Investing in the crypto market is the major current and future trend, both in Brazil and in the world, but there are still people who are afraid of using cryptoassets to diversify their portfolio and do not understand the difference between tokens and shares, for example. In this article, you will understand the difference between these two types of investments and how cryptocurrencies are a great choice for your portfolio!
What are actions?
Shares are fractions of a company or organization that are distributed among the owners to represent their possessions. That way, adding up all the shares, you find the value of the company they represent. Many companies are defined as “publicly traded”, meaning that they have distributed their shares to be traded on the stock exchange. If the value of these shares increases, all owners have their shares valued and, in certain cases, can receive dividends.
What are Asset Tokens?
Tokens are created on existing Blockchains and can represent parts of different assets, from credit card receivables to digital artworks. They are easily negotiated using Smart Contracts technology. As tokens are able to represent any asset, they can be used as digital assets, shares in a company, access to certain projects and many other ways. It’s possible to tokenize just about anything, but it’s important to be clear that not everything pays off being tokenized. Tokens, especially Security Tokens, are often confused and compared to stocks, as they have their value tied to an asset that can be traded and have changes in their own value.

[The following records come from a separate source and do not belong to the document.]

Lemma bundle_of_erase_cat i i' h j :
  i' != i -> bundle_of (erase_cat i h) j i' = bundle_of h j i'.
Proof.
move=> ne_i; rewrite !ffunE /erase_cat -filter_predI; do 3 f_equal.
by apply: eq_filter => e /=; apply/andb_idr => /andP [_ /eqP ->].
Qed.

Lemma bundle_of_rcons_cat h r j i d :
  (j, i) \notin map fst h -> bundle_of (rcons h (j, i, d) ++ r) j i = d.
Proof.
move=> fresh; rewrite ffunE -cats1 -catA filter_cat /= !eqxx.
suff -> : [seq e <- h | (e.1.1 == j) && (e.1.2 == i)] = [::] by [].
apply/eqP; rewrite -size_eq0 size_filter -leqn0 leqNgt -has_count.
apply: contra fresh => /hasP [[[a b] c] e_h /andP [/eqP /= <- /eqP /= <-]].
exact: (map_f fst e_h).
Qed.

Lemma best_seq1 (R : rel (bundle n p)) j dflt c : best R j dflt [:: c] = c.
Proof. by rewrite /best /= if_same. Qed.

Lemma best_seq2 (R : rel (bundle n p)) j dflt c0 c1 :
  ~~ R (bundle_of c1 j) (bundle_of c0 j) -> best R j dflt [:: c0; c1] = c0.
Proof. by rewrite /best /= if_same => /negbTE ->. Qed.

(* The default [j] of [head] is never used on a play, where [avail] is nonempty. *)
Fixpoint greedy (ms : seq ('I_n * 'I_p)) h : history n p :=
  if ms is (j, i) :: ms' then greedy ms' (rcons h (j, i, head j (avail h i)))
  else h.

Lemma greedy_prefix ms h : exists r, greedy ms h = h ++ r.
Proof.
elim: ms h => [|[j i] ms IH] h /=; first by exists [::]; rewrite cats0.
by have [r ->] := IH (rcons h (j, i, head j (avail h i))); rewrite cat_rcons; eexists.
Qed.

Lemma erase_cat_greedy i ms h h' :
  erase_cat i h = erase_cat i h' ->
  erase_cat i (greedy ms h) = erase_cat i (greedy ms h').
Proof.
elim: ms h h' => [|[j i'] ms IH] h h' //= eq_hh'; apply: IH.
rewrite /erase_cat -!cats1 !filter_cat -!/(erase_cat i _) eq_hh' /=.
have [-> //|ne_i] := eqVneq i' i.
by rewrite !avail_taken -(taken_erase_cat h ne_i) -(taken_erase_cat h' ne_i) eq_hh'.
Qed.

Lemma bundle_of_greedy_rcons ms h j i d d' j' i' : i' != i ->
  bundle_of (greedy ms (rcons h (j, i, d))) j' i'
  = bundle_of (greedy ms (rcons h (j, i, d'))) j' i'.
Proof.
move=> ne_i; rewrite -(bundle_of_erase_cat _ _ ne_i).
rewrite (@erase_cat_greedy i ms _ (rcons h (j, i, d'))) ?bundle_of_erase_cat //.
by rewrite /erase_cat -!cats1 !filter_cat /= eqxx.
Qed.

Lemma bundle_of_greedy_rcons_self ms h j i d :
  (j, i) \notin map fst h -> bundle_of (greedy ms (rcons h (j, i, d))) j i = d.
Proof.
by have [r ->] := greedy_prefix ms (rcons h (j, i, d)); apply: bundle_of_rcons_cat.
Qed.

Lemma kji_cat (s ms : seq ('I_n * 'I_p)) j i :
  uniq (s ++ (j, i) :: ms) ->
  kji (s ++ (j, i) :: ms) j i = n - count (fun x => x.2 == i) s.
Proof.
rewrite cat_uniq /= => /and4P [_ /norP [fresh _] _ _].
by rewrite /kji index_cat (negbTE fresh) /= eqxx addn0 take_size_cat.
Qed.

Equity: the similarity between tokens and shares
In traditional equity investments, a person can own part of a business by investing in its shares. Owning a stock is proof that you own a percentage of the company it represents. But why is it advantageous for companies to give up parts of their equity? The main objective of a company when offering shares is to raise funds. Depending on the stage of the business, the offering of shares can happen through brokerages, stock exchange or IPO. As stated above, by investing in stocks, you are owning the company. This does not mean that you directly own the physical or material objects that are part of it. Stocks are divided into two categories depending on what they offer: Common stock: Offers investors voting rights and dividends. However, common shareholders are paid after preferred shareholders, creditors and bondholders; Tokens can also represent the equity of a company and the right over it: they are called Equity Tokens. However, whoever owns a token is not considered a partner, but a holder. And, just like stocks, there are variations in Equity Tokens to represent the participation of companies in two different ways, both the possibility of remuneration and decision making.
After all, what are the differences between tokens and shares?
The main differences between tokens and shares are in the way in which both are traded, in the costs for the investor, in the presence of intermediaries and in the way in which they are launched on the market.
where are created
The first difference between tokens and actions is where they are created. Tokens are made using Blockchain technology, while shares are not. Due to the use of this blockchain, it is also possible to associate Smart Contracts that offer an even greater legal guarantee to the tokens.
proof of ownership
Proof of share ownership is usually done through a brokerage firm or directly at the company register. With tokens, however, investors themselves can retain ownership, as it is possible to store tokens in a wallet.
The difference between tokens and shares that stands out the most is the way in which the sale of these assets works. To sell shares, the trade needs to be brokered by a broker and sold on a stock exchange. Tokens can be quickly sold on regulated Security Tokens trading systems. Also, unlike stocks, token trading can take place 24/7. Shares can only be traded from Monday to Friday and during business hours.
Unlike shares, tokens have their transactions recorded on the Blockchain. This network stores all the most important information such as sender, recipient, value and date. And it’s immutable, so it can’t be rigged.
Currently, there is still some legal and regulatory uncertainty surrounding tokens, which is not the case for shares. This leads to more uncertainty for investors, but regulation is advancing more and more due to the popularization of tokenization across the world. Of course, you don’t have to choose between tokens and shares when thinking about your investments. It is important to diversify your portfolio to have more liquidity and not be too impacted during times of crisis. The advantage of choosing tokens as a form of investment is that you don’t need a large initial amount to start investing in them. Anyone, within their means, can acquire tokens. It is the true democratization of investments!
About the author
Daniel Coquieri is CEO of asset tokenization company Liqi Digital Assets. A technology entrepreneur, he was the founder of BitcoinTrade, one of the largest cryptocurrency exchanges in Brazil.